CL Bleeds Another 6% to $94 as Iran Weighs Hormuz Memo Through Pakistan

WTI on Hyperliquid shed another 6.33% over the past 24 hours to $94.28 as the geopolitical risk premium that pushed crude to a $126 wartime high keeps draining. Trump paused Project Freedom citing diplomatic progress, Iran's Revolutionary Guard said it would provide safe passage through Hormuz, and Tehran is reviewing a one-page memorandum of understanding ferried by Pakistani mediators. The bullish counterweight, an 8.1 million barrel EIA crude draw, the largest in three months, barely registered.

CL Asset HubSnapshot Preserved Original Tweet
Publish-time Hyperliquid price chart for West Texas Intermediate Crude Oil (CL), showing a recorded -6.33% move over 24h.

Mover Brief

The Memo Pakistan Carried

WTI tumbled as much as 13.3% to a $88.66 print on Wednesday before clawing back into the low $90s after reports that Washington and Tehran were closing in on a one-page memorandum of understanding to end the war and frame broader nuclear talks. The proposal was delivered through Pakistan, the only mediator hosting peace talks since the air campaign opened on February 28. Iran's foreign ministry said it would convey its response via Islamabad within days, and the Revolutionary Guard signaled it would provide safe passage through Hormuz — the first official acknowledgment of de-escalation since shipping was throttled. The bid that had carried CL to a $126 wartime print evaporated, and the 24h tape is now sitting at $94.28.

Project Freedom On Pause, Hormuz Still Shut

Trump abruptly paused Project Freedom — the U.S. naval operation launched Sunday to escort merchant ships through the strait — to give negotiators room. Two vessels transited under escort before the pause. The queue is the bigger picture: more than 1,550 ships with roughly 22,500 mariners are stuck inside the Persian Gulf against a pre-war baseline of 100 to 135 daily transits. Tehran is demanding each vessel be vetted by the IRGC, so even a signed memo does not reopen the chokepoint mechanically. Reboot is a process, not a switch — and that asymmetry is what the futures tape is struggling to price.

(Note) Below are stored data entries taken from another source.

Definition Gam (g gi : tensor2) (a b c : nat) (x : Pt) : R :=
  / 2 * sum4 (fun d => gi a d x *
     (pd b (g d c) x + pd c (g d b) x - pd d (g b c) x)).

(** Riemann tensor R^a_{bcd}.  (Quadratic invariants below do not depend on
    the overall sign conventions.) *)
Definition Riem (g gi : tensor2) (a b c d : nat) (x : Pt) : R :=
  pd c (Gam g gi a d b) x - pd d (Gam g gi a c b) x
  + sum4 (fun e => Gam g gi a c e x * Gam g gi e d b x
                   - Gam g gi a d e x * Gam g gi e c b x).

Definition Ric (g gi : tensor2) (b d : nat) (x : Pt) : R :=
  sum4 (fun a => Riem g gi a b a d x).

Definition Rscal (g gi : tensor2) (x : Pt) : R :=
  sum4 (fun b => sum4 (fun d => gi b d x * Ric g gi b d x)).

Definition Kret (g gi : tensor2) (x : Pt) : R :=
  sum4 (fun a => sum4 (fun b => sum4 (fun c => sum4 (fun d =>
    sum4 (fun e => g a e x * Riem g gi e b c d x) *
    sum4 (fun b' => sum4 (fun c' => sum4 (fun d' =>
      gi b b' x * gi c c' x * gi d d' x * Riem g gi a b' c' d' x))))))).

Definition Ric2 (g gi : tensor2) (x : Pt) : R :=
  sum4 (fun a => sum4 (fun b => sum4 (fun c => sum4 (fun d =>
    gi a c x * gi b d x * Ric g gi a b x * Ric g gi c d x)))).

Definition diagm (dg : nat -> Pt -> R) : tensor2 :=
  fun a b x => if Nat.eqb a b then dg a x else 0.
Definition diagm_inv (dg : nat -> Pt -> R) : tensor2 :=
  fun a b x => if Nat.eqb a b then / dg a x else 0.
Definition diag_sqrtdet (dg : nat -> Pt -> R) (x : Pt) : R :=
  sqrt (Rabs (dg 0%nat x * dg 1%nat x * dg 2%nat x * dg 3%nat x)).

(** The static spherically symmetric metric at n = 4, signature (+,-,-,-):
    ds^2 = e^{nu(r)} dt^2 - e^{lambda(r)} dr^2 - r^2 (dtheta^2 + sin^2 theta dphi^2). *)
Definition sss (nu la : R -> R) (a : nat) (x : Pt) : R :=
  match a with
  | 0%nat => exp (nu (x 1%nat))
  | 1%nat => - exp (la (x 1%nat))
  | 2%nat => - (x 1%nat) ^ 2
  | _ => - (x 1%nat) ^ 2 * (sin (x 2%nat)) ^ 2
  end.

(** f0 : the O((n-4)^0) part of F sqrt|g| on the SSS metric, i.e. its value
    at n = 4, with F = A Riem^2 + B Ric^2 + C R^2. *)
Definition f0 (A B C : R) (nu la : R -> R) (x : Pt) : R :=
  let g := diagm (sss nu la) in
  let gi := diagm_inv (sss nu la) in
  (A * Kret g gi x + B * Ric2 g gi x + C * (Rscal g gi x) ^ 2)
  * diag_sqrtdet (sss nu la) x.

(** Reduced action (per unit time) of f0 over the shell a <= r <= b. *)
Definition S0 (A B C : R) (nu la : R -> R) (a b : R) : R :=
  RInt (fun r => RInt (fun th => RInt (fun ph =>
    f0 A B C nu la (pt 0 r th ph)) 0 (2 * PI)) 0 PI) a b.

Definition smooth (f : R -> R) : Prop := forall (k : nat) (x : R), ex_derive_n f k x.

Definition supported_in (eta : R -> R) (a b : R) : Prop :=
  exists a' b', a < a' /\ a' < b' /\ b' < b /\
    forall r, (r < a' \/ b' < r) -> eta r = 0.

(** Finiteness of H^{mu nu} as n -> 4 on all SSS metrics: the variational
    derivative of the O((n-4)^0) part f0 with respect to nu and to lambda
    vanishes, i.e. the first variation of the action of f0 vanishes for all
    compactly supported smooth variations (total derivatives thus discarded). *)
Definition H_finite_at_4 (A B C : R) : Prop :=
  forall nu la : R -> R, smooth nu -> smooth la ->
  forall (a b : R) (eta : R -> R), 0 < a -> a < b -> smooth eta ->
  supported_in eta a b ->
  Derive (fun eps => S0 A B C (fun r => nu r + eps * eta r) la a b) 0 = 0 /\
  Derive (fun eps => S0 A B C nu (fun r => la r + eps * eta r) a b) 0 = 0.

From Stdlib Require Import Reals Lra Lia FunctionalExtensionality.
From Coquelicot Require Import Coquelicot.
Open Scope R_scope.

(* Restrict to SSS metrics with constant [lambda = c] and vary [nu] around
   [nu = 0].  On such metrics every curvature component is a multiple of the
   curvature of one coordinate plane, so [f0] reduces to [L(r, nu, nu', nu'') sin th].
   The linearization of [L] in [nu] is [p0 nu / r^2 + p1 nu' / r + p2 nu''], and
   after integrating by parts the Euler-Lagrange expression is [(p0 + p1) / r^2]
   with [p0 + p1] a nonzero multiple of [(2A + B + 2C)(1 - e^c) + 2(B + 4C)].
   Its vanishing for two values [e^c <> 1] forces [B + 4C = 0 = 2A + B + 2C].
   The test variation is the smooth bump [exp (-1 / ((r - 2)(3 - r)))]. *)

Ltac solve_neq0 := match goal with
  | |- _ * _ <> 0 => apply Rmult_integral_contrapositive_currified; solve_neq0
  | |- - _ <> 0 => apply Ropp_neq_0_compat; solve_neq0
  | |- _ ^ _ <> 0 => apply pow_nonzero; solve_neq0
  | |- exp _ <> 0 => apply Rgt_not_eq, exp_pos
  | |- / _ <> 0 => apply Rinv_neq_0_compat; solve_neq0
  | |- _ => first [assumption | lra]
  end.

Ltac is_atomic_fun f :=
  first [ is_var f | lazymatch f with Derive _ => idtac end
        | lazymatch f with (fun x => ?h x) =>
            first [is_var h | lazymatch h with Derive _ => idtac end] end ].

Ltac compute_Derive := match goal with
  | |- context [Derive (fun _ : R => ?k) ?p] => rewrite (Derive_const k p)
  | |- context [Derive ?f ?p] =>
     tryif is_atomic_fun f then fail else
     let H := fresh in
     eassert (H : is_derive f p _)
       by (auto_derive; [repeat split; try solve_neq0; auto | reflexivity]);
     rewrite (is_derive_unique _ _ _ H); clear H
  end.

Lemma sum4_ext (f g : nat -> R) :
  (forall i, (i < 4)%nat -> f i = g i) -> sum4 f = sum4 g.
Proof. intros H; unfold sum4; rewrite !H by lia; reflexivity. Qed.

Section DiagonalMetric.
Variables (G : nat -> Pt -> R) (x : Pt).
Local Notation g := (diagm G).
Local Notation gi := (diagm_inv G).

Lemma sum4_diagm (F : nat -> R) a :
  (a < 4)%nat -> sum4 (fun e => g a e x * F e) = G a x * F a.
Proof. intros; unfold diagm, sum4; destruct a as [|[|[|[|a]]]]; try lia; simpl; ring. Qed.

Lemma sum4_diagm_inv3 (F : nat -> nat -> nat -> R) b c d :
  (b < 4)%nat -> (c < 4)%nat -> (d < 4)%nat ->
  sum4 (fun b' => sum4 (fun c' => sum4 (fun d' =>
    gi b b' x * gi c c' x * gi d d' x * F b' c' d')))
  = / G b x * / G c x * / G d x * F b c d.
Proof.
  intros; unfold diagm_inv, sum4;
  destruct b as [|[|[|[|b]]]]; try lia; destruct c as [|[|[|[|c]]]]; try lia;
  destruct d as [|[|[|[|d]]]]; try lia; simpl; ring.
Qed.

The Bullish Counterweight Got Buried

The same morning the MOU news landed, the EIA reported a crude draw of 8.1 million barrels for the week ending May 1 — the third straight weekly decline and the largest in roughly three months, against consensus for a 2.8M draw. Distillates fell 2.6M, gasoline 8.5M. Physical tightness is real and the inventory math is bullish. It barely moved the contract, because the war premium dwarfs the inventory print. Layer in Trump's threat to bomb Iran 'at a much higher level' if Tehran balks, and the asymmetry is clear: a torn-up MOU re-rates back toward the wartime high in a single session.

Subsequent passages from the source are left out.